Of course, you can see why Cronoescalada believes it to be HC. Yes, the climb as a whole is 13,4km at 7,4%, which you would usually see as cat.1, but if you take the ‘just the ascents’ part of it, it’s 9,8km of climbing which averages 10,3% - up there with the likes of Colle San Carlo, Passo di Pampeago, Loma del Escobero and Ovronnaz. However, it’s not climbed as one consistent ascent, but instead there’s a 3km respite in the middle through the town of Santa Clara La Laguna, which will be blissful respite for the riders before the pain begins again, and the first four kilometres of the five up to the final categorised climb of the day begin at 9% and get progressively steeper until the 4th is at 14%, before things ease up again. The actual summit is hard to confirm what the name is. The summit is in the Parque Ecológico Chui Rax Amolo, there is a church to San António de Padua just beneath it, and nearby there is a hill summit with an Aldea named Xojolá. At a curve in the road by the summit however there is the Mirador de Pamezabal, which is what I have named the climb for, to match the first ascent to the adventure park at Mirador de Chuichok’ok.

The Mirador de Pamezabal is a new touristic site inaugurated recently, as a result this was actually a stage host in the 2021 Vuelta Feminina a Guatemala, in the penultimate stage which finished in San Juan Argueta and was won by the Colombian Erika Botero. It looks like this was from a breakaway as the GC battle took place some 30 seconds later, race leader Yeny Colmenares chasing home Myriam Nuñez and Blanca Moreno (all also Colombians) while home heroine Jasmin Soto was able to protect her 6th place on the overall despite losing a few seconds. There’s even highlights, and a (dreadful) theme song.


That video also gives you the chance to see a lot of the roads that we will see in the finale, since after cresting the climb with 28km remaining, the next 15km are descending gradually through Santa Lucía Utatlán and then onto the Pan-American Highway briefly, until the Vuelta Feminina finishing town of San Juan Argueta. The Vuelta Feminina largely headed back and forth on the Highway, including a gradual climb at the eastern end of the circuit, we however turn right and back on to smaller roads and head towards the Mirador Ixchel amusement park, one of the main tourist attractions of the Sololá area. We don’t trace all the way there, however, but there is a small climb - around 1700m at 5% - around 10km remaining before we descend through San José Chacaya to a canyon which we traverse, as Sololá lays on the eastern edge of this. It amounts to a descent of around 5,2km at 7,5%, and then we have a complex run-in which borrows its style from favourite stages of mine like the 2010 Tirreno-Adriatico Chieti stage.
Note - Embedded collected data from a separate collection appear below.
Lemma dyck_norm_bounds d1 d2 a1 a2 S1 S2 :
  compatible a1 a2 S1 S2 ->
  (forall h, is_horiz a1 a2 h -> (S1 h <= d1)%N) ->
  (forall v, is_vert a1 a2 v -> (S2 v <= d2)%N) ->
  let x := norm1 a1 a2 S1 in let y := norm2 a1 a2 S2 in
  [/\ (x <= d1 * a1)%N, (y <= d2 * a2)%N,
      (d2 * a2 <= a1)%N -> (x + d1 * y <= d1 * a1)%N,
      (d1 * a1 <= a2)%N -> (d2 * x + y <= d2 * a2)%N &
      [/\ (0 < y <= a1)%N -> (a1 * x + a1 * d1 * y < d1 * a1 * a1 + a2 * y)%N,
          (0 < x <= a2)%N -> (a2 * y + a2 * d2 * x < d2 * a2 * a2 + a1 * x)%N &
          ~ ((a1 < y)%N /\ (a2 < x)%N)]].
Proof.
move=> compat S1_le S2_le x y.
have [n_eq0 | n_gt0] := posnP (nedges a1 a2).
  have [a1_0 a2_0] : a1 = 0%N /\ a2 = 0%N by move: n_eq0; rewrite nedgesE; lia.
  have [x_0 y_0] : x = 0%N /\ y = 0%N by rewrite /x /y /norm1 /norm2 n_eq0 !big_ord0.
  by rewrite x_0 y_0 a1_0 a2_0 !muln0; split=> //; split=> //; case.
have W := dyck_graded_walk n_gt0 compat S1_le S2_le.
have Wm := graded_walk_mirror W.
have := wH_le_period W; have := wV_le_period W.
have := wH_wV_trapezoid W; have := wH_wV_trapezoid Wm.
have := wH_wV_triangle W; have := wH_wV_triangle Wm.
have := wH_wV_not_both_gt W.
rewrite (mirror_wH_period W) (mirror_wV_period W) dyck_wH_period // dyck_wV_period // -/x -/y.
move=> not_both tri_b tri_a trap_b trap_a y_le x_le.
split; [lia | lia | move=> ?; nia | move=> ?; nia | split; [move=> ?; nia | move=> ?; nia | lia]].
Qed.

Theorem proposition4p22 (d1 d2 a1 a2 : nat) (S1 S2 : nat -> nat) :
  compatible a1 a2 S1 S2 ->
  (forall h, is_horiz a1 a2 h -> (S1 h <= d1)%N) ->
  (forall v, is_vert a1 a2 v -> (S2 v <= d2)%N) ->
  [/\ ((d2 * a2 <= a1)%N ->
        in_conv_hull
          [:: (0, 0); ((d1 * a1)%:R, 0); (0, (d2 * a2)%:R);
              ((d1 * a1)%:R - (d1 * d2 * a2)%:R, (d2 * a2)%:R)]
          ((norm1 a1 a2 S1)%:R, (norm2 a1 a2 S2)%:R)),
      ((d1 * a1 <= a2)%N ->
        in_conv_hull
          [:: (0, 0); ((d1 * a1)%:R, 0); (0, (d2 * a2)%:R);
              ((d1 * a1)%:R, (d2 * a2)%:R - (d1 * d2 * a1)%:R)]
          ((norm1 a1 a2 S1)%:R, (norm2 a1 a2 S2)%:R))
    & ((0 < a1 < d2 * a2)%N -> (0 < a2 < d1 * a1)%N ->
        region_c d1 d2 a1 a2 ((norm1 a1 a2 S1)%:R, (norm2 a1 a2 S2)%:R))].
Proof.
move=> compat S1_le S2_le.
have [x_le y_le trap_a trap_b [tri_a tri_b not_both]] := dyck_norm_bounds compat S1_le S2_le.
split=> [slope | slope | a1_in a2_in].
- exact: trapezoid_a_of_bounds (trap_a slope).
- exact: trapezoid_b_of_bounds (trap_b slope).
- exact: region_c_of_bounds.
Qed.
(* Let $X$ be a Hausdorff locally convex space, let $T:X\rightrightarrows X^{*}$, and let $V\subset X$ be non-empty, algebraically open (i.e. $V=\operatorname{core}V$) and convex, such that $T|_{V}$ is a non-void monotone operator and $T$ is $V$-NI. Then \[ [\psi_{T|_{V}}=c]\cap (V\times X^{*})=[\varphi_{T|_{V}}=c]\cap (V\times X^{*})=[\varphi_{T|_{V}}\le c]\cap (V\times X^{*}), \] and this set is the unique $V$-representable extension and the unique maximal monotone extension in $V\times X^{*}$ of $T|_{V}$. If, in addition, $T$ is a non-void monotone operator, then moreover \[ [\psi_{T|_{V}}=c]\cap (V\times X^{*})=[\varphi_{T}=c]\cap (V\times X^{*})=[\psi_{T}=c]\cap (V\times X^{*}). \] If, in addition, $T$ is a non-void monotone operator and $T$ is $V$-representable, then $V$ identifies $T$ and \[ [\psi_{T|_{V}}=c]\cap (V\times X^{*})=[\varphi_{T|_{V}}=c]\cap (V\times X^{*})=[\varphi_{T|_{V}}\le c]\cap (V\times X^{*})=[\varphi_{T}=c]\cap (V\times X^{*})=[\psi_{T}=c]\cap (V\times X^{*})=\operatorname{Graph}(T|_{V}). \]
   Context: $X$ is a non-trivial Hausdorff locally convex space with topology $\tau$, $X^{*}$ its dual with the weak-star topology $w^{*}$, $Z=X\times X^{*}$, and $c(x,x^{*})=\langle x,x^{*}\rangle$ is the duality coupling. For $T\subset X\times X^{*}$ and $V\subset X$, $T|_{V}$ is the operator with $\operatorname{Graph}T|_{V}=\operatorname{Graph}T\cap(V\times X^{*})$. The Fitzpatrick function is $\varphi_{T}(x,x^{*})=\sup\{\langle x,u^{*}\rangle+\langle u,x^{*}\rangle-\langle u,u^{*}\rangle\mid (u,u^{*})\in T\}$, and $\psi_{T}$ is the $\tau\times w^{*}$-lower semicontinuous convex hull of $c+\iota_{\operatorname{Graph}T}$. For functions $f,g$, $[f\le g]=\{z\mid f(z)\le g(z)\}$, similarly $[f=g]$. $T$ is $V$-NI if $\varphi_{T|_{V}}\ge c$ on $V\times X^{*}$. $T$ is $V$-representable if $V\cap D(T)\ne\emptyset$ and there is a proper convex $\tau\times w^{*}$-lsc $h\ge c$ on $Z$ with $[h=c]\cap(V\times X^{*})=\operatorname{Graph}(T|_{V})$. $V$ identifies $T$ if every $(x,x^{*})\in V\times X^{*}$ with $\varphi_{T|_{V}}(x,x^{*})\le \langle x,x^{*}\rangle$ (i.e. monotonically related to $T|_V$) belongs to $\operatorname{Graph}T$. *)

From HB Require Import structures.
From mathcomp Require Import all_boot all_order all_algebra.
From mathcomp Require Import all_classical all_reals all_analysis.

Set Implicit Arguments.
Unset Strict Implicit.
Unset Printing Implicit Defensive.

Import Order.TTheory GRing.Theory Num.Theory numFieldTopology.Exports.

Local Open Scope classical_set_scope.
Local Open Scope ring_scope.

Section Fitzpatrick.
Context {R : realType} {X : tvsType R}.

(* The topological dual X^* : continuous linear functionals X -> R.
   Elements of X^* are represented by the underlying functions. *)
Definition dual_space : set (X -> R) :=
  [set f | (forall (a : R) (x y : X), f (a *: x + y) = a * f x + f y)
           /\ (forall x0 : X, f y @[y --> x0] --> f x0)].

Definition Zsp : set (X * (X -> R)) := [set z | dual_space z.2].

(* duality coupling c(x, x^* ) = <x, x^*> *)
Definition coupling (z : X * (X -> R)) : R := z.2 z.1.

(* Operators T : X ==> X^* are given by their graphs, T `<=` Zsp. *)
Definition restr_op (T : set (X * (X -> R))) (V : set X) : set (X * (X -> R)) :=
  T `&` [set z | V z.1].

Definition dom_op (T : set (X * (X -> R))) : set X :=
  [set x | exists xs, T (x, xs)].

Definition nonvoid_op (T : set (X * (X -> R))) : Prop := T !=set0.

Definition mon_related (z w : X * (X -> R)) : Prop :=
  0 <= z.2 (z.1 - w.1) - w.2 (z.1 - w.1).

Definition monotone_op (T : set (X * (X -> R))) : Prop :=
  forall z w, T z -> T w -> mon_related z w.

Definition maximal_monotone_in (V : set X) (S : set (X * (X -> R))) : Prop :=
  S `<=` Zsp /\ S `<=` [set z | V z.1] /\ monotone_op S /\
  forall z, Zsp z -> V z.1 -> (forall w, S w -> mon_related z w) -> S z.

Definition fitzpatrick (T : set (X * (X -> R))) (z : X * (X -> R)) : \bar R :=
  ereal_sup [set ((u.2 z.1 + z.2 u.1 - u.2 u.1)%:E) | u in T].

Definition indic_graph (T : set (X * (X -> R))) (z : X * (X -> R)) : \bar R :=
  if `[< T z >] then 0%E else +oo%E.

Definition zcomb (l : R) (z w : X * (X -> R)) : X * (X -> R) :=
  (l *: z.1 + (1 - l) *: w.1, fun x => l * z.2 x + (1 - l) * w.2 x).

(* convexity of h : Z -> \bar R  (convex epigraph) *)
Definition convex_on_Z (h : X * (X -> R) -> \bar R) : Prop :=
  forall z w (r s l : R), Zsp z -> Zsp w -> (h z <= r%:E)%E -> (h w <= s%:E)%E ->
    0 <= l <= 1 -> (h (zcomb l z w) <= (l * r + (1 - l) * s)%:E)%E.

(* (relative) openness in Z for the product topology tau x w^* *)
Definition tw_open (U : set (X * (X -> R))) : Prop :=
  forall z, Zsp z -> U z ->
    exists N : set X, nbhs z.1 N /\
    exists (F : seq X) (e : R), 0 < e /\
      forall x ys, N x -> dual_space ys ->
        (forall u, u \in F -> `|ys u - z.2 u| < e) -> U (x, ys).

Definition tw_lsc (h : X * (X -> R) -> \bar R) : Prop :=
  forall a : R, tw_open [set z | (a%:E < h z)%E].

Definition proper_on_Z (h : X * (X -> R) -> \bar R) : Prop :=
  (forall z, Zsp z -> h z != -oo%E) /\ exists z, Zsp z /\ (h z < +oo)%E.

(* psi_T : the tau x w^*-lsc convex hull of c + iota_T, i.e. the greatest
   convex tau x w^*-lsc function on Z majorized by c + iota_T. *)
Definition psi_hull (T : set (X * (X -> R))) (z : X * (X -> R)) : \bar R :=
  ereal_sup [set h z | h in
    [set h | convex_on_Z h /\ tw_lsc h /\
             forall w, Zsp w -> (h w <= (coupling w)%:E + indic_graph T w)%E]].

Definition V_NI (V : set X) (T : set (X * (X -> R))) : Prop :=
  forall z, Zsp z -> V z.1 -> ((coupling z)%:E <= fitzpatrick (restr_op T V) z)%E.

Definition V_representable (V : set X) (T : set (X * (X -> R))) : Prop :=
  (V `&` dom_op T !=set0) /\
  exists h : X * (X -> R) -> \bar R,
    proper_on_Z h /\ convex_on_Z h /\ tw_lsc h /\
    (forall z, Zsp z -> ((coupling z)%:E <= h z)%E) /\
    (forall z, Zsp z -> V z.1 -> (h z = (coupling z)%:E <-> restr_op T V z)).

Definition identifies (V : set X) (T : set (X * (X -> R))) : Prop :=
  forall z, Zsp z -> V z.1 -> (fitzpatrick (restr_op T V) z <= (coupling z)%:E)%E -> T z.

Definition eqc_on (V : set X) (f : X * (X -> R) -> \bar R) : set (X * (X -> R)) :=
  [set z | Zsp z /\ V z.1 /\ f z = (coupling z)%:E].
Definition lec_on (V : set X) (f : X * (X -> R) -> \bar R) : set (X * (X -> R)) :=
  [set z | Zsp z /\ V z.1 /\ (f z <= (coupling z)%:E)%E].

Definition algebraically_open (V : set X) : Prop :=
  forall x, V x -> forall y : X, exists2 d : R, 0 < d &
    forall t : R, 0 <= t <= d -> V (x + t *: y).

Definition convex_subset (V : set X) : Prop :=
  forall x y (l : R), V x -> V y -> 0 <= l <= 1 -> V (l *: x + (1 - l) *: y).

End Fitzpatrick.

From HB Require Import structures.
From mathcomp Require Import all_boot all_order all_algebra.
From mathcomp Require Import all_classical all_reals all_analysis.
From mathcomp.algebra_tactics Require Import ring lra.

Set Implicit Arguments.
Unset Strict Implicit.
Unset Printing Implicit Defensive.

Import Order.TTheory GRing.Theory Num.Theory numFieldTopology.Exports.

Local Open Scope classical_set_scope.
Local Open Scope ring_scope.

(* Write [S = T|_V] and [M = [phi_S = c] cap V x X^*]. By NI, [M] is also
   [[phi_S <= c] cap V x X^*], and convexity of [phi_S] at midpoints (which stay in
   the convex set [V], where [c <= phi_S]) makes [M] monotone.
   The key point is [psi_S <= c] on [M]. If a convex tau x w*-lsc minorant [h] of
   [c + iota_S] had [c z < h z], Hahn-Banach would strictly separate [(z, c z)] from the
   epigraph of [h] by a tau x w*-continuous functional, producing [w] in [Z] with
   [<z, w^*> + <w, z^*> - c z > phi_S w]; moving from [z] towards [w] inside the
   algebraically open [V] then violates [c <= phi_S]. Hence [phi_S <= psi_S <= c] on [M],
   so [M = [psi_S = c] cap V x X^*] is represented by [psi_S], and every representable
   or maximal monotone extension of [S] inside [V x X^*] is squeezed onto [M]. When [T] is
   monotone, [phi_S <= phi_T <= psi_T <= psi_S] gives the remaining equalities. *)

Section Zorn_above.
Context {T : Type}.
This consists of a tricky, twisty climb - uncategorised - up into the western edges of the city, amounting to 2km at 7,3%. This is the road available on streetview, as well, helpfully. At least until we make it into the city, where we head to the centre via 6a Calle and 7a Calle successively, before turning right and descending (vague downhill) for four blocks to Parque Centro América de Sololá. This would be a convenient place to finish but I didn’t like the downhill sprint, so instead it’s a double left-hander to start climbing up the road parallel to the one we just descended, for a final 800m uphill to finish at the Monumento a la Virgén de la Asunción at the north edge of the city - this averages 7% though due to the grid system in many New World cities, it varies from block to block how steep it is, maxing out at 12%. But the other benefit of this one is that it’s on cobbles…


28796402191_67a01f25a9_o.jpg


As a result, this one ought to be tricky - if the super steep stuff doesn’t get you, this tricky run-in will. Even if you’re trying to conserve energy since the etapa Reina is to follow…
 
  • Like
Reactions: Bye Bye Bicycle
I'm gonna post an entire Vuelta, atm I don't have much time to write long stage descriptions.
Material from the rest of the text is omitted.